• **PROBLEM REQUIREMENTS**: Find the line with "Unset Implicit Arguments." in the entries below. Repeat it, every following line, and the line with "mmul S Sinv", exactly and with nothing added.

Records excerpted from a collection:
◆ ◆ ◆ ◆ ◆ ◆ ◆
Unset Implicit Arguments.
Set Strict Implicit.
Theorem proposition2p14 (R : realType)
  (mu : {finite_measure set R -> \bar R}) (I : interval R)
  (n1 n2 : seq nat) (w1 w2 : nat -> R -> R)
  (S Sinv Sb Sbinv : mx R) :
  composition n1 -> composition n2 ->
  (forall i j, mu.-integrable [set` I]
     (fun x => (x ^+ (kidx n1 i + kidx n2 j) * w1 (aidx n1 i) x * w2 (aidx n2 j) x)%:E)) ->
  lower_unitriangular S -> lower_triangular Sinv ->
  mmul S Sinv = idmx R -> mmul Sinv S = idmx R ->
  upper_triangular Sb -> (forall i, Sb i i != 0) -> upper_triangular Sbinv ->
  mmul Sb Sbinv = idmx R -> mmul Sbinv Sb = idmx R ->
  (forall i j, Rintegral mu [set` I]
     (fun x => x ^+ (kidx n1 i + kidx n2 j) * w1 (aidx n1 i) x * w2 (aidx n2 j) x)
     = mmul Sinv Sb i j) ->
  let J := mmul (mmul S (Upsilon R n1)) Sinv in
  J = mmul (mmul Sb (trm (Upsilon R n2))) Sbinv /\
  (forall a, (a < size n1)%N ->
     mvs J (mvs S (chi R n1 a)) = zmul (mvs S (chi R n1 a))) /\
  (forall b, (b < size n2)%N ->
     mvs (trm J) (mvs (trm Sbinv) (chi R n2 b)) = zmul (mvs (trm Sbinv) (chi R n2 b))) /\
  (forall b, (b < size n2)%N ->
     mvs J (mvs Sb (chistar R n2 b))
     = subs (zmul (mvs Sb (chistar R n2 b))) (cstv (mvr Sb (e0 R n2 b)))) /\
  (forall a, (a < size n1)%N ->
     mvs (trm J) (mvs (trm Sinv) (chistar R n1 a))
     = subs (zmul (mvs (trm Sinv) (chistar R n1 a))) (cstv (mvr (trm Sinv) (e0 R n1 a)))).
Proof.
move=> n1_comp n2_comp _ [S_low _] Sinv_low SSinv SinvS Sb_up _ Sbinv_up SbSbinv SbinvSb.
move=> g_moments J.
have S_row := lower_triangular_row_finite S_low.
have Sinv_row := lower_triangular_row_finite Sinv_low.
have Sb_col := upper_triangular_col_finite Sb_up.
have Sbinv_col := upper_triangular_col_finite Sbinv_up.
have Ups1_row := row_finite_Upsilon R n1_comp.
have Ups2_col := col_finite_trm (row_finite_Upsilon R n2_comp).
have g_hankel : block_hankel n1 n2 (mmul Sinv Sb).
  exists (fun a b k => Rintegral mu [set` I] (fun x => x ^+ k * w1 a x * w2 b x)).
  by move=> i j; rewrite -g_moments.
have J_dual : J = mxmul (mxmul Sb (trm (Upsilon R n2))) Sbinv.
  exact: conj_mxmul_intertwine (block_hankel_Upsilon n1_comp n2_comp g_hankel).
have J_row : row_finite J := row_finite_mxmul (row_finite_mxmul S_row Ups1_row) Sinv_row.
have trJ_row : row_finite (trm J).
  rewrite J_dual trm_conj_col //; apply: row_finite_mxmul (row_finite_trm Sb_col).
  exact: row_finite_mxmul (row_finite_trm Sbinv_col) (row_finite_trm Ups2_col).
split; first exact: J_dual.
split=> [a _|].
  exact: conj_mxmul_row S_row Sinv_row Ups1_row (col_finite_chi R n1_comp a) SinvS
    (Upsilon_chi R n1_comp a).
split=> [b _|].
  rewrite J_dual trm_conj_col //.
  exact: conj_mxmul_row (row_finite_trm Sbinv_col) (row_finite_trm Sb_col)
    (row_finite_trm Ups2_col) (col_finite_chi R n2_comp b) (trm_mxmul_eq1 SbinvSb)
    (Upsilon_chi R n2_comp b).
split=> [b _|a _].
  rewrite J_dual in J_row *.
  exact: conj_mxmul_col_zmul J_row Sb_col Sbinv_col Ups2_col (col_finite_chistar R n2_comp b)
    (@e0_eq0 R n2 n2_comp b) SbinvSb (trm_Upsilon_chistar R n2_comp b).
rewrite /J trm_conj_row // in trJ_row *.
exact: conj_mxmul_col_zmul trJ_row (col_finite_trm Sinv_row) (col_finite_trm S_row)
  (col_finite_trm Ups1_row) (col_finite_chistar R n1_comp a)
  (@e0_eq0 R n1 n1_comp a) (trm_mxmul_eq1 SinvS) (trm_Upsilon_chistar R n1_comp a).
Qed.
◆ ◆ ◆ ◆ ◆ ◆ ◆
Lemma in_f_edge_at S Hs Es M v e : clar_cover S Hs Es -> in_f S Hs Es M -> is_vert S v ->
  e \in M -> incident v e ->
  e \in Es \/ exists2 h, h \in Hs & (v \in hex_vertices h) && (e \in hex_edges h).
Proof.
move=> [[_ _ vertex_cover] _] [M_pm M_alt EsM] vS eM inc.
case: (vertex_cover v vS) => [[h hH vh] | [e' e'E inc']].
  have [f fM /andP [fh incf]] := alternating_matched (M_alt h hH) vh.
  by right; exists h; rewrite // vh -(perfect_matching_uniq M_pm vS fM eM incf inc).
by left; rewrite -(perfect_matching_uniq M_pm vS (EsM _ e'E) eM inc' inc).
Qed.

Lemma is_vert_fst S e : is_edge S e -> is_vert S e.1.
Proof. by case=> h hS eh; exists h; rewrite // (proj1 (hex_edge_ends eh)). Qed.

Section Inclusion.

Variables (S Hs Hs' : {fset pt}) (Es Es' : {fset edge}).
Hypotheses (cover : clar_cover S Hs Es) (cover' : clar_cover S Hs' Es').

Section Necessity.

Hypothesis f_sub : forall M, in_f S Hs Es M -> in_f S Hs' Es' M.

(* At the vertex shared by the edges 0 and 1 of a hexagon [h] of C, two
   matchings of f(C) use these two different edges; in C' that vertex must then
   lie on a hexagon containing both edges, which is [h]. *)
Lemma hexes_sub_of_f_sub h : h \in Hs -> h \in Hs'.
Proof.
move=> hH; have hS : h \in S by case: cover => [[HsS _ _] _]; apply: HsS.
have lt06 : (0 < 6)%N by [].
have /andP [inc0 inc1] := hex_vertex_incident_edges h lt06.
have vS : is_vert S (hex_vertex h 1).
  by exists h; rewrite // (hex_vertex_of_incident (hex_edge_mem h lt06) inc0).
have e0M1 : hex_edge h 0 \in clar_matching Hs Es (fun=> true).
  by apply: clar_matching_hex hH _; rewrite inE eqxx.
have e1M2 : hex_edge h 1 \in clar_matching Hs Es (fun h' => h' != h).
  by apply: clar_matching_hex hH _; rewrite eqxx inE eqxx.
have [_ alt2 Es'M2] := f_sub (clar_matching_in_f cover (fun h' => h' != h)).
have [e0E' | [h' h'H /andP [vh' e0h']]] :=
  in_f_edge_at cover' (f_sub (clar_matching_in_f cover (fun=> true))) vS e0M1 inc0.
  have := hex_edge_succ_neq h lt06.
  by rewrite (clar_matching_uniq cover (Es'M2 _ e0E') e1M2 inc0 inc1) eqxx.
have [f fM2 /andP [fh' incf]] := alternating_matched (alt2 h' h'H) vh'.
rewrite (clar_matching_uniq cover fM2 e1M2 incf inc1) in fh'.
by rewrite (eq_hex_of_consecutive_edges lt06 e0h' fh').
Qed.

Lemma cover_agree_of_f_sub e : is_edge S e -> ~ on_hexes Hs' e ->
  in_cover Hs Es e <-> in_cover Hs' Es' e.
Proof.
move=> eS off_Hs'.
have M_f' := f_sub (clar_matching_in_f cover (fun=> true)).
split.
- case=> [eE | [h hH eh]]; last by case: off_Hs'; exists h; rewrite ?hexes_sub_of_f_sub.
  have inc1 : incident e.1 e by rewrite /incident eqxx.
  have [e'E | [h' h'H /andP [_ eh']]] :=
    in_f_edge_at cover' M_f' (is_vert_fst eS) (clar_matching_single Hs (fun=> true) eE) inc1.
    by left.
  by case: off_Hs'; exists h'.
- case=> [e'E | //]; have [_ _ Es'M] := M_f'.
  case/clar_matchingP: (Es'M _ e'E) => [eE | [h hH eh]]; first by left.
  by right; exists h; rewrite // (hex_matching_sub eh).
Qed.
◆ ◆ ◆ ◆ ◆ ◆ ◆
• **EXERCISE SOLUTION**:
Unset Implicit Arguments.
Set Strict Implicit.
Theorem proposition2p14 (R : realType)
  (mu : {finite_measure set R -> \bar R}) (I : interval R)
  (n1 n2 : seq nat) (w1 w2 : nat -> R -> R)
  (S Sinv Sb Sbinv : mx R) :
  composition n1 -> composition n2 ->
  (forall i j, mu.-integrable [set` I]
     (fun x => (x ^+ (kidx n1 i + kidx n2 j) * w1 (aidx n1 i) x * w2 (aidx n2 j) x)%:E)) ->
  lower_unitriangular S -> lower_triangular Sinv ->
  mmul S Sinv = idmx R -> mmul Sinv S = idmx R ->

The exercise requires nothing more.